By Tricia Mifsud
THE latest Omicron surge has led to major supermarket chains Coles and Woolworths enforcing product limits on items including toilet paper and analgesic painkillers.
Both supermarkets have enforced a two-packet limit per customer on the items, while Coles has further implemented a two-packet limit on mince, sausages, and chicken products.
Coles have also instated a six-fillet limit for chicken breast and thighs when bought from the deli department.
The limits come as mandatory isolation for close contacts have seen a further staff shortage at distribution centres, sending customers into a panic and stocking up on items in demand.
A Coles Kilmore employee said product limits had left customers angered, with many taking out their frustrations on the employees who had no control of limits or shortages.
The employee said while working through the pandemic, Coles staff had been treated poorly by customers, including being sworn at and called derogatory names.
“We mostly get at the moment things said like, ‘this is ridiculous, why don’t you keep stock out the back? I’ve got a family of six, how is two cartons of milk going to feed six’, things along those lines usually,” they said.
“We have also been sworn at and, and workers [are accused of] keeping all the stock for ourselves.
“[I’ve] been spat at and had things thrown at us because they couldn’t have the amount they wanted.”
The employee said despite the treatment, they loved their workplace, but they and other staff shouldn’t have to deal with the unacceptable behaviour.
“I still love my job and my customers and I try not to take anything personal, that way I don’t carry other people’s poor behaviour or problems,” they said.
Woolworths director of stores Jeanette Fenske said they understood it was an anxious time for all, but the stores were doing everything they could to remain open and provide an essential service.
“We will continue to closely monitor product availability across our stores, with stock continuing to be sent to stores daily. Customers will notice some gaps on shelves but we’re doing all that we can to meet demand,” she said.
“We encourage everyone to be mindful of others in the community and to continue shopping in reasonable quantities.”
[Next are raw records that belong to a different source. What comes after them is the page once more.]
(* Let $\psi$ be a bounded complexity measure, $k\in\omega\setminus\{0,1\}$, $A$ a nontrivial closed class of decision tables from $\mathcal M_k^\infty$, and suppose $\mathcal H^\infty_{\psi,A}$ is everywhere defined. Then $\mathcal H^\infty_{\psi,A}$ is nondecreasing and $\mathcal H^\infty_{\psi,A}(0)=0$. Moreover: (a) if the function $\psi^d$ is bounded from above on $A$, then there is a constant $c\ge 0$ with $\mathcal H^\infty_{\psi,A}(n)\le c$ for all $n\in\omega$; (b) if $\psi^d$ is not bounded from above on $A$, then there exists an infinite subset $D\subseteq\omega$ such that $\mathcal H^\infty_{\psi,A}(n)\ge H_D(n)$ for all $n\in\omega$.
   Context: Notation: $\omega=\{0,1,2,\dots\}$; $\mathcal P(\omega)$ is the set of nonempty finite subsets of $\omega$; for $k\in\omega\setminus\{0,1\}$, $E_k=\{0,1,\dots,k-1\}$. $P=\{f_i:i\in\omega\}$ is a set of attributes, $f_i\neq f_j$ for $i\ne j$. Decision tables: $\mathcal M_k^\infty$ is the set of rectangular tables filled with numbers from $E_k$, whose columns are labeled with pairwise different attributes from $P$, whose rows are pairwise different, and each row of which is labeled with a set from $\mathcal P(\omega)$ (its set of decisions). The empty table (no rows) is denoted $\Lambda$ and belongs to $\mathcal M_k^\infty$. For $T\in\mathcal M_k^\infty$: $\Delta(T)$ is the set of rows; $\Pi(T)$ is the intersection of the decision sets of all rows (common decisions); $\mathcal M_k^{\infty c}$ is the set of tables having at least one common decision, and $\Lambda\in\mathcal M_k^{\infty c}$; $\mathrm{At}(T)$ is the set of attributes labeling columns. For nonempty $T$, $\Omega_k(T)$ is the set of finite words (including the empty word $\lambda$) over the alphabet $\{(f_i,\delta):f_i\in\mathrm{At}(T),\delta\in E_k\}$; for $\alpha=(f_{i_1},\delta_1)\cdots(f_{i_m},\delta_m)$, $T\alpha$ is the subtable of $T$ consisting of the rows having value $\delta_j$ in the column $f_{i_j}$ for all $j$, and $T\lambda=T$. Operations: for $D\subseteq\mathrm{At}(T)$, $I(D,T)$ is obtained from $T$ by deleting the columns labeled with attributes from $D$ and, in each group of rows coinciding on the remaining columns, keeping only the first row; $I(\mathrm{At}(T),T)=\Lambda$. For $\nu:E_k^{|\mathrm{At}(T)|}\to\mathcal P(\omega)$, $J(\nu,T)$ is obtained by replacing the decision set of each row $\bar\delta$ by $\nu(\bar\delta)$. $[T]=\{J(\nu,I(D,T)):D\subseteq\mathrm{At}(T),\ \nu:E_k^{|\mathrm{At}(T)\setminus D|}\to\mathcal P(\omega)\}$; for nonempty $A\subseteq\mathcal M_k^\infty$, $[A]=\bigcup_{T\in A}[T]$. $A$ is a closed class if $[A]=A$; it is nontrivial if it contains a nonempty table. Decision trees: a $k$-decision tree is a finite directed rooted tree with at least two nodes in which the root and the edges leaving the root are unlabeled, each terminal node is labeled with a decision from $\omega$, and each other node is labeled with an attribute from $P$, each edge leaving such a node being labeled with a number from $E_k$. $\mathrm{At}(\Gamma)$ is the set of attributes labeling nodes of $\Gamma$. For a complete path $\tau=v_1,d_1,\dots,v_m,d_m,v_{m+1}$ (from the root to a terminal node), $\pi(\tau)=\lambda$ if $m=1$, and otherwise $\pi(\tau)=(f_{i_2},\delta_2)\cdots(f_{i_m},\delta_m)$ where $v_j$ is labeled $f_{i_j}$ and $d_j$ is labeled $\delta_j$; $T(\tau)=T\pi(\tau)$. For $T\ne\Lambda$, a nondeterministic decision tree for $T$ is a $k$-decision tree $\Gamma$ with $\mathrm{At}(\Gamma)\subseteq\mathrm{At}(T)$ such that every row of $T$ belongs to $T(\tau)$ for some complete path $\tau$, and for every complete path $\tau$ either $T(\tau)=\Lambda$ or the decision at the terminal node of $\tau$ belongs to $\Pi(T(\tau))$. A deterministic decision tree for $T$ is a nondeterministic decision tree for $T$ in which, additionally, exactly one edge leaves the root and the edges leaving any node that is neither the root nor terminal are labeled with pairwise different numbers. Complexity measures: a partially bounded complexity measure is a function $\psi:P^*\to\omega$ on finite words over $P$ such that for all words $\alpha_1,\alpha_2$: $\psi(\alpha_1)=0$ iff $\alpha_1=\lambda$; $\psi(\alpha_1)$ is invariant under permutation of letters; $\psi(\alpha_1)\le\psi(\alpha_1\alpha_2)$; $\psi(\alpha_1\alpha_2)\le\psi(\alpha_1)+\psi(\alpha_2)$. It is bounded if in addition $\psi(\alpha)\ge|\alpha|$ for all $\alpha$. $\psi$ is extended to words $(f_{i_1},\delta_1)\cdots(f_{i_m},\delta_m)$ by $\psi(f_{i_1}\cdots f_{i_m})$. For a $k$-decision tree $\Gamma$, $\psi(\Gamma)=\max_\tau\psi(\pi(\tau))$ over complete paths. For $T\ne\Lambda$, $\psi^d(T)$ (resp. $\psi^a(T)$) is the minimum of $\psi(\Gamma)$ over deterministic (resp. nondeterministic) decision trees $\Gamma$ for $T$; $\psi^d(\Lambda)=\psi^a(\Lambda)=0$. $\mathcal H^\infty_{\psi,A}(n)$ is undefined if the set $\{\psi^d(T):T\in A,\ \psi^a(T)\le n\}$ is infinite, and otherwise equals its maximum. For an infinite set $D=\{n_i:i\in\omega\}\subseteq\omega$ with $n_i<n_{i+1}$, $H_D:\omega\to\omega$ is defined by $H_D(n)=0$ if $n<n_0$ and $H_D(n)=n_i$ if $n_i\le n<n_{i+1}$. *)

From mathcomp Require Import all_boot all_order.
From mathcomp Require Import finmap.
From Stdlib Require Import ClassicalEpsilon.

Set Implicit Arguments.
Unset Strict Implicit.
Unset Printing Implicit Defensive.

Local Open Scope fset_scope.

(* Attributes f_i are represented by their index i : nat; decisions are nats.
   A table: ordered list of column attributes, ordered list of rows; each row
   is (tuple of values, set of decisions). *)
Record table := Table { cols : seq nat ; rows : seq (seq nat * {fset nat}) }.

Definition Lam : table := Table [::] [::].

Definition wf_table (k : nat) (T : table) : Prop :=
  T = Lam \/
  [/\ cols T != [::], rows T != [::], uniq (cols T), uniq (map fst (rows T)) &
      all (fun r : seq nat * {fset nat} =>
             [&& size r.1 == size (cols T), all (fun v => v < k) r.1 &
                 r.2 != fset0]) (rows T)].

Definition val_at (T : table) (r : seq nat) (f : nat) : nat :=
  nth 0 r (index f (cols T)).

Definition subtable (T : table) (alpha : seq (nat * nat)) : table :=
  let rs := [seq r <- rows T |
              all (fun p : nat * nat => val_at T r.1 p.1 == p.2) alpha] in
  if rs is [::] then Lam else Table (cols T) rs.

Definition in_Pi (d : nat) (T : table) : bool :=
  all (fun r : seq nat * {fset nat} => d \in r.2) (rows T).

Fixpoint keep_first (s : seq (seq nat * {fset nat})) (seen : seq (seq nat))
  : seq (seq nat * {fset nat}) :=
  match s with
  | [::] => [::]
  | r :: s' => if r.1 \in seen then keep_first s' seen
               else r :: keep_first s' (r.1 :: seen)
  end.

Definition delI (D : seq nat) (T : table) : table :=
  if all (fun c => c \in D) (cols T) then Lam else
  Table [seq c <- cols T | c \notin D]
        (keep_first
           [seq ([seq x.2 | x <- zip (cols T) r.1 & x.1 \notin D], r.2)
           | r <- rows T] [::]).

Definition setJ (nu : seq nat -> {fset nat}) (T : table) : table :=
  Table (cols T) [seq (r.1, nu r.1) | r <- rows T].

Definition in_closure (k : nat) (T T' : table) : Prop :=
  exists (D : seq nat) (nu : seq nat -> {fset nat}),
    [/\ all (fun c => c \in cols T) D,
        (forall v : seq nat,
            size v = size [seq c <- cols T | c \notin D] ->
            all (fun x => x < k) v -> nu v != fset0) &
        T' = setJ nu (delI D T)].

Definition closed_class (k : nat) (A : table -> Prop) : Prop :=
  (forall T, A T -> wf_table k T) /\
  (forall T', A T' <-> exists T, A T /\ in_closure k T T').

Definition nontrivial (A : table -> Prop) : Prop := exists T, A T /\ T <> Lam.

Inductive dnode := DLeaf of nat | DNode of nat & seq (nat * dnode).
(* A k-decision tree: the unlabelled root with its (unlabelled) outgoing
   edges, i.e. the list of children of the root. *)
Definition dtree := seq dnode.

Fixpoint node_wf (k : nat) (det : bool) (t : dnode) : bool :=
  match t with
  | DLeaf _ => true
  | DNode a ch =>
      [&& 0 < size ch, all (fun e : nat * dnode => e.1 < k) ch,
          (~~ det || uniq (map fst ch)) &
          (fix go (l : seq (nat * dnode)) : bool :=
             match l with
             | [::] => true
             | (_, c) :: l' => node_wf k det c && go l'
             end) ch]
  end.

Definition tree_wf (k : nat) (det : bool) (G : dtree) : bool :=
  (0 < size G) && all (node_wf k det) G.

Fixpoint node_attrs (t : dnode) : seq nat :=
  match t with
  | DLeaf _ => [::]
  | DNode a ch =>
      a :: (fix go (l : seq (nat * dnode)) : seq nat :=
              match l with
              | [::] => [::]
              | (_, c) :: l' => node_attrs c ++ go l'
              end) ch
  end.

Definition tree_attrs (G : dtree) : seq nat := flatten (map node_attrs G).

Fixpoint node_paths (t : dnode) : seq (seq (nat * nat) * nat) :=
  match t with
  | DLeaf d => [:: ([::], d)]
  | DNode a ch =>
      (fix go (l : seq (nat * dnode)) : seq (seq (nat * nat) * nat) :=
         match l with
         | [::] => [::]
         | (delta, c) :: l' =>
             [seq ((a, delta) :: p.1, p.2) | p <- node_paths c] ++ go l'
         end) ch
  end.

(* complete paths tau of the tree, as pairs (pi(tau), terminal decision) *)
Definition tree_paths (G : dtree) : seq (seq (nat * nat) * nat) :=
  flatten (map node_paths G).

Definition nondet_tree_for (k : nat) (T : table) (G : dtree) : Prop :=
  [/\ tree_wf k false G,
      all (fun a => a \in cols T) (tree_attrs G),
      (forall r, r \in rows T ->
         exists2 p, p \in tree_paths G & r \in rows (subtable T p.1)) &
      (forall p, p \in tree_paths G ->
         subtable T p.1 = Lam \/ in_Pi p.2 (subtable T p.1))].

Definition det_tree_for (k : nat) (T : table) (G : dtree) : Prop :=
  [/\ nondet_tree_for k T G, size G = 1 & tree_wf k true G].

Definition complexity_measure (psi : seq nat -> nat) : Prop :=
  [/\ (forall a, psi a = 0 <-> a = [::]),
      (forall a b, perm_eq a b -> psi a = psi b),
      (forall a b, psi a <= psi (a ++ b)) &
      (forall a b, psi (a ++ b) <= psi a + psi b)].

Definition bounded_measure (psi : seq nat -> nat) : Prop :=
  complexity_measure psi /\ (forall a, size a <= psi a).

Definition tree_cost (psi : seq nat -> nat) (G : dtree) : nat :=
  \max_(p <- tree_paths G) psi (map fst p.1).

Definition is_min_cost (psi : seq nat -> nat) (good : dtree -> Prop) (n : nat)
  : Prop :=
  (exists G, good G /\ tree_cost psi G = n) /\
  (forall G, good G -> n <= tree_cost psi G).

Definition psi_d (psi : seq nat -> nat) (k : nat) (T : table) : nat :=
  epsilon (inhabits 0) (fun n =>
    (T = Lam /\ n = 0) \/ (T <> Lam /\ is_min_cost psi (det_tree_for k T) n)).

Definition psi_a (psi : seq nat -> nat) (k : nat) (T : table) : nat :=
  epsilon (inhabits 0) (fun n =>
    (T = Lam /\ n = 0) \/ (T <> Lam /\ is_min_cost psi (nondet_tree_for k T) n)).

(* H^infty_{psi,A}(n) is defined: the set {psi^d(T) : T in A, psi^a(T) <= n}
   is finite, i.e. bounded *)
Definition H_defined (psi : seq nat -> nat) (k : nat) (A : table -> Prop)
  (n : nat) : Prop :=
  exists b, forall T, A T -> psi_a psi k T <= n -> psi_d psi k T <= b.

Definition H (psi : seq nat -> nat) (k : nat) (A : table -> Prop) (n : nat)
  : nat :=
  epsilon (inhabits 0) (fun m =>
    (exists T, A T /\ psi_a psi k T <= n /\ psi_d psi k T = m) /\
    (forall T, A T -> psi_a psi k T <= n -> psi_d psi k T <= m)).

Definition infinite_nat (D : pred nat) : Prop :=
  forall m, exists n, m < n /\ D n.

(* H_D(n): 0 if n < min D, else the largest element of D that is <= n *)
Definition H_D (D : pred nat) (n : nat) : nat := \max_(i < n.+1 | D i) i.

(* Every table T in M_k^infty has a deterministic decision tree that queries
   all its columns, so psi^a(T) <= psi^d(T) and the extremal values defining
   psi^a, psi^d and H are attained.  Monotonicity of H is then immediate, and
   (b) holds with D the (infinite) range of psi^d on A: a table T with
   psi^d(T) = i <= n has psi^a(T) <= n, hence i <= H(n).  For H(0) = 0: a
   nondeterministic tree of cost 0 has only empty paths (psi vanishes only on
   the empty word), so T has a common decision and a single leaf is a
   deterministic tree of cost 0. *)
From mathcomp Require Import all_boot all_order finmap.
From Stdlib Require Import Classical ClassicalEpsilon.
Set Implicit Arguments.
Unset Strict Implicit.
Unset Printing Implicit Defensive.

Local Open Scope fset_scope.

Lemma node_paths_DNode a ch : node_paths (DNode a ch) =
  flatten [seq [seq ((a, e.1) :: p.1, p.2) | p <- node_paths e.2] | e <- ch].
Proof. by elim: ch => [|[d c] l IH] //=; rewrite -IH. Qed.

Lemma node_attrs_DNode a ch : node_attrs (DNode a ch) =
  a :: flatten [seq node_attrs e.2 | e <- ch].
Proof. by elim: ch => [|[d c] l IH] //=; case: IH => ->. Qed.

Lemma node_wf_DNode k det a ch : node_wf k det (DNode a ch) =
  [&& 0 < size ch, all (fun e : nat * dnode => e.1 < k) ch,
      (~~ det || uniq (map fst ch)) & all (fun e => node_wf k det e.2) ch].
Proof.
rewrite /=; congr [&& _, _, _ & _].
by elim: ch => [|[d c] l IH] //=; rewrite IH.
Qed.

Fixpoint complete_tree (k : nat) (cs : seq nat) (f : seq (nat * nat) -> nat)
  : dnode :=
  match cs with
  | [::] => DLeaf (f [::])
  | c :: cs' =>
      DNode c [seq (i, complete_tree k cs' (fun w => f ((c, i) :: w)))
              | i <- iota 0 k]
  end.

Section CompleteTree.

Variable k : nat.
As well as grocery limits, in line with guidelines from the Federal Government, when in stock, rapid antigen tests, RAT, will be limited to one pack per customer, with packs ranging from one to seven testing kits, depending on the stock available.
The State Government announced on Thursday that as of midnight tonight, emergency services, education, critical utilities, custodial facilities, transport, and freight will join workers in the food production sector as being eligible for an exemption, which would allow them to work even if considered a close contact.
The exemption only applies if the worker is necessary for continuity of operations, and if all alternative options have been exhausted, and includes strict measures such as daily RAT testing for five days.